Linux bash console commands for data science and csv data analysis?

Linux, unix, and mac OS are marvelous tools for processing textual data very quickly. Quite commonly, you want to analyze data stored in one or several csv files. Let's review the most useful commands to do this.

Most useful terminal commands for data processing on linux / mac OS

Very often you want to have a look to a csv file, but the columns are not aligned. To solve this, use, column command:
column -t -s','

The before/after example below shows how easier it is to read well aligned data (using public data from the opencellid database):

Bash for loops are super useful whenever you have data spread over several files. A quick example to  get all .dat files from a range of folders stored on amazon S3:

for ((day=12; day <=28; day++))
  s3cmd get s3://xxx/bucket/incoming/201606$day/*.dat;

To know the number of lines in the file:
wc -l myfile

To preview the first 17 lines of the file
head -17 myfile

To extract column 2 to 4 and 7 from a file where the separator character is pipe "|"
cut -d"|" -f2-4,7 myfile

To count the number of occurrences of every value present in column 3.
cut -d"|" -f3 myfile |sort | uniq -c

  1. In previous command, do not forget the "sort" command! Uniq counts only adjacent duplicates. If you do not sort, your results will not be what you want.
  2. "sort" can use multiple processors in parallel, this can be handy if the file is super large.

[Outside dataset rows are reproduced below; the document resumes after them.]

Lemma noetherian_lspan m : noetherian G -> left_ideal G m ->
  exists t, {in t, forall a, m a} /\ forall x, m x -> lspan G t x.
Proof.
move=> [acc _] [mG lm].
pose next t := if excluded_middle_informative (exists x, m x /\ ~ lspan G t x) is left h
  then proj1_sig (constructive_indefinite_description _ h) :: t else t.
pose f i := iter i next [::].
have fm i : {in f i, forall a, m a}.
  elim: i => [|i IH] //=; rewrite /next; case: excluded_middle_informative => // h.
  by apply/forall_in_cons; split=> //; case: (proj2_sig (constructive_indefinite_description _ h)).
have lspan_next t x : lspan G t x -> lspan G (next t) x.
  rewrite /next; case: excluded_middle_informative => // h tx; apply/lspan_cons.
  by exists 0, x; rewrite mul0r add0r; split=> //; apply: subalg0.
have lGG : lsub G G by split; [apply: subalg0 | apply: subalgD | apply: subalgM].
have [N0 fN0] := acc (fun i => lspan G (f i))
  (fun i => conj (fun x => lspan_sub (fun a fa => mG _ (fm i a fa))) (lspan_lsub (f i) lGG))
  (fun i x => lspan_next (f i) x).
exists (f N0); split=> // x mx; apply: NNPP => nx.
have := fN0 N0.+1 (leqnSn N0); rewrite /= /next.
case: excluded_middle_informative => [h|[]]; last by exists x.
have [_ ny] := proj2_sig (constructive_indefinite_description _ h).
move=> sub; apply/ny/sub/lspan_cons; exists 1, 0; rewrite mul1r addr0; split.
- exact: subalg1.
- exact: lsub0 (lspan_lsub (f N0) lGG).
- by [].
Qed.

Lemma Gpow_sub m k y : two_ideal G m -> Gpow m k y -> G y.
Proof.
move=> tm [r [c [p [cp ->]]]]; apply: (subspace_sum subalg_subspace) => i.
by have [Gc mp] := cp i; apply: subalgM Gc (prodset_sub tm mp).
Qed.

Lemma Gpow0 m y : G y -> Gpow m 0 y.
Proof. by move=> Gy; rewrite -[y]mulr1; apply: sums2_1; split=> //; apply: prodset0. Qed.

Lemma Gpow1 m y : m y -> Gpow m 1 y.
Proof.
move=> my; rewrite -[y]mul1r; apply: sums2_1; split; first exact: subalg1.
by apply/prodsetSl; exists y, 1; rewrite mulr1; split=> //; apply: prodset0.
Qed.

Lemma GpowMr m k y a : Gpow m k y -> m a -> Gpow m k.+1 (y * a).
Proof.
move=> [r [c [p [cp ->]]]] ma; exists r, c, (fun i => p i * a); rewrite mulr_suml.
split=> [i|]; last by apply: eq_bigr => i _; rewrite mulrA.
by have [Gc mp] := cp i; split=> //; apply/prodsetSr; exists a, (p i).
Qed.
(* For every $r\in\mathbb{F}_2((x^{-1}))$ we have $T([r])=[S(r)]$, and $T^n([r])=[S^n(r)]$ for all $n\in\mathbb{N}$.
   Context: $\mathbb{F}_2((x^{-1}))$ is the field of formal series $\sum_{z\in\mathbb{Z}}a_zx^z$, $a_z\in\mathbb{F}_2$, with $a_z\ne0$ for only finitely many positive $z$. The polynomial part is $[\sum a_zx^z]=\sum_{z\ge0}a_zx^z$. $S(r)=\frac{r}{x+1}$ if $[r](1)=0$ and $S(r)=\frac{xr}{x+1}$ if $[r](1)=1$. $T:\mathbb{F}_2[x]\to\mathbb{F}_2[x]$ is given by $T(f)=\frac{f}{x+1}$ if $f(1)=0$ and $T(f)=\frac{xf+1}{x+1}$ if $f(1)=1$. *)

From HB Require Import structures.
From Stdlib Require Import ClassicalEpsilon.
From mathcomp Require Import all_boot all_order all_algebra.
Set Implicit Arguments. Unset Strict Implicit. Unset Printing Implicit Defensive.
Import Order.TTheory GRing.Theory Num.Theory.
Local Open Scope ring_scope.

(* F2 = 'F_2.  An element of F_2((x^{-1})) is a formal series
   sum_{z in Z} coef z * x^z with coef z = 0 for all z > bnd. *)
Record laurent := Laurent {
  coef : int -> 'F_2;
  bnd : nat;
  coefP : forall z : int, (bnd%:Z < z)%R -> coef z = 0 }.

Definition polypart (r : laurent) : {poly 'F_2} :=
  \poly_(i < (bnd r).+1) coef r (Posz i).

(* S(r) = r/(x+1) if [r](1) = 0, and x r/(x+1) if [r](1) = 1.
   r' / (x+1) is the unique s with (x+1) s = r', i.e. coefficientwise
   s_{z-1} + s_z = r'_z. *)
Definition S (r : laurent) : laurent :=
  let t : int -> 'F_2 :=
    if (polypart r).[1] == 0 then coef r else (fun z => coef r (z - 1)) in
  epsilon (inhabits r)
    (fun s : laurent => forall z : int, coef s (z - 1) + coef s z = t z).

Definition T (f : {poly 'F_2}) : {poly 'F_2} :=
  if f.[1] == 0 then f %/ ('X + 1) else ('X * f + 1) %/ ('X + 1).

From Stdlib Require Import ClassicalEpsilon.
From mathcomp Require Import all_boot all_order all_algebra.
From mathcomp Require Import zify.
Import Order.TTheory GRing.Theory Num.Theory.
Local Open Scope ring_scope.

(* If (x + 1) s = t coefficientwise, then comparing polynomial parts gives
   (x + 1) [s] = [t] + s_{-1}, and evaluating at 1 forces s_{-1} = [t](1);
   hence [s] is the exact quotient of [t] + [t](1) by x + 1.  For S this is
   used with t = r when [r](1) = 0, and with t = x r when [r](1) = 1, where
   [x r] = x [r] + r_{-1} and so [t] + [t](1) = x [r] + 1.  The statement
   about iterates follows by induction. *)

Lemma pchar_F2 : (2 \in [pchar 'F_2])%N.
Proof. exact: pchar_Fp. Qed.

Lemma addrr_F2 (x : 'F_2) : x + x = 0.
Proof. exact: addrr_pchar2 pchar_F2 x. Qed.

Lemma F2_neq0 (x : 'F_2) : x != 0 -> x = 1.
Proof. by case: x => [[|[|n]] lt_n2] // _; apply: val_inj. Qed.

(* s_z = sum_{z < w <= B} t_w, which telescopes to s_{z-1} + s_z = t_z in
   characteristic 2 once t vanishes above B. *)
Definition divXD1 (t : int -> 'F_2) (B : nat) (z : int) : 'F_2 :=
  if B%:Z - z is Posz n then \sum_(k < n) t (B%:Z - k%:Z) else 0.

Lemma divXD1_bnd (t : int -> 'F_2) (B : nat) (z : int) :
  B%:Z <= z -> divXD1 t B z = 0.
Proof.
move=> le_Bz; rewrite /divXD1.
by case def_n: (B%:Z - z) => [[|n]|] //; [exact: big_ord0 | lia].
Qed.

Section DivisionByXD1.

Variables (t : int -> 'F_2) (B : nat).
Hypothesis t_bnd : forall z : int, B%:Z < z -> t z = 0.

Lemma divXD1P (z : int) : divXD1 t B (z - 1) + divXD1 t B z = t z.
Proof.
have [lt_Bz | le_zB] := ltrP B%:Z z.
  by rewrite t_bnd // !divXD1_bnd ?addr0 //; lia.
have [n def_n] : exists n : nat, B%:Z - z = n by exists `|B%:Z - z|%N; lia.
rewrite /divXD1 def_n (_ : B%:Z - (z - 1) = n.+1); last by lia.
by rewrite big_ord_recr /= addrAC addrr_F2 add0r -def_n subKr.
Qed.

Lemma exists_divXD1 :
  exists s : laurent, forall z : int, coef s (z - 1) + coef s z = t z.
Proof.
have s_bnd (z : int) : B%:Z < z -> divXD1 t B z = 0 by move/ltW; apply: divXD1_bnd.
by exists (Laurent s_bnd) => z; apply: divXD1P.
Qed.

End DivisionByXD1.

Lemma coef_S (r : laurent) (z : int) :
  coef (S r) (z - 1) + coef (S r) z =
  if (polypart r).[1] == 0 then coef r z else coef r (z - 1).
Proof.
rewrite /S; set t := (if _ then _ else _).
have t_bnd (w : int) : (bnd r).+1%:Z < w -> t w = 0.
  by move=> lt_w; rewrite /t; case: ifP => _; rewrite coefP //; lia.
have /(_ z) -> := epsilon_spec (inhabits r) _ (@exists_divXD1 _ _ t_bnd).
by rewrite /t; case: ifP.
Qed.

Lemma coef_polypart (r : laurent) (i : nat) : (polypart r)`_i = coef r i.
Proof.
rewrite coef_poly; case: ltnP => // le_bnd_i.
by rewrite coefP //; lia.
Qed.

Lemma coef_polypart_mulX (r : laurent) (i : nat) :
  ('X * polypart r + (coef r (-1))%:P)`_i = coef r (i%:Z - 1).
Proof.
rewrite coefD coefXM coefC; case: i => [|i] /=; first by rewrite add0r.
by rewrite addr0 coef_polypart; congr coef; lia.
Qed.

Lemma mulXD1_polypart (s : laurent) (p : {poly 'F_2}) :
  (forall i : nat, coef s (i%:Z - 1) + coef s i = p`_i) ->
  ('X + 1) * polypart s = p + (coef s (-1))%:P.
Proof.
move=> sP; apply/polyP => i.
rewrite mulrDl mul1r !coefD coefXM coefC -sP !coef_polypart.
case: i => [|i] /=; first by rewrite add0r addrAC addrr_F2 add0r.
by rewrite addr0; congr (coef s _ + _); lia.
Qed.

Lemma mulXD1_divp (P q : {poly 'F_2}) (c : 'F_2) :
  ('X + 1) * P = q + c%:P -> P = (q + q.[1]%:P) %/ ('X + 1).
Proof.
move=> qP; have c_eq : c = q.[1].
  move/(congr1 (horner^~ 1)): qP; rewrite hornerM !hornerE addrr_F2 mul0r.
  by move/esym/eqP; rewrite addr_eq0 oppr_pchar2 ?pchar_F2 // => /eqP.
rewrite -c_eq -qP mulKp //; apply: monic_neq0.
by rewrite -polyC1 monicXaddC.
Qed.

Lemma T_polypart (r : laurent) : T (polypart r) = polypart (S r).
Proof.
have SP := coef_S r; rewrite /T; case: ifP => p1 in SP *.
  rewrite [RHS](@mulXD1_divp _ (polypart r) (coef (S r) (-1))) ?(eqP p1) ?addr0 //.
  by apply: mulXD1_polypart => i; rewrite SP coef_polypart.
rewrite [RHS](@mulXD1_divp _ ('X * polypart r + (coef r (-1))%:P) (coef (S r) (-1))).
  rewrite !hornerE (F2_neq0 _ (negbT p1)) -addrA; congr ((_ + _) %/ _).
  by rewrite -polyCD addrCA addrr_F2 addr0.
by apply: mulXD1_polypart => i; rewrite SP coef_polypart_mulX.
Qed.

Theorem lemma2p2 (r : laurent) :
  T (polypart r) = polypart (S r) /\
  (forall n : nat, iter n T (polypart r) = polypart (iter n S r)).
Proof.
split; first exact: T_polypart.
by elim=> //= n IH; rewrite IH T_polypart.
Qed.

To use this feature, just use the appropriate option, e.g., "sort --parallel=8".

Most useful Hadoop commands

In our Hadoop driven world, there are chances Linux commands won't be enough and you will need to interact with HDFS / other Hadoop components too. Fortunately, this is pretty easy and the commands are very similar to standard terminal commands:

hdfs dfs -ls /myfolder
hdfs dfs -cat /myfolder/myfile.csv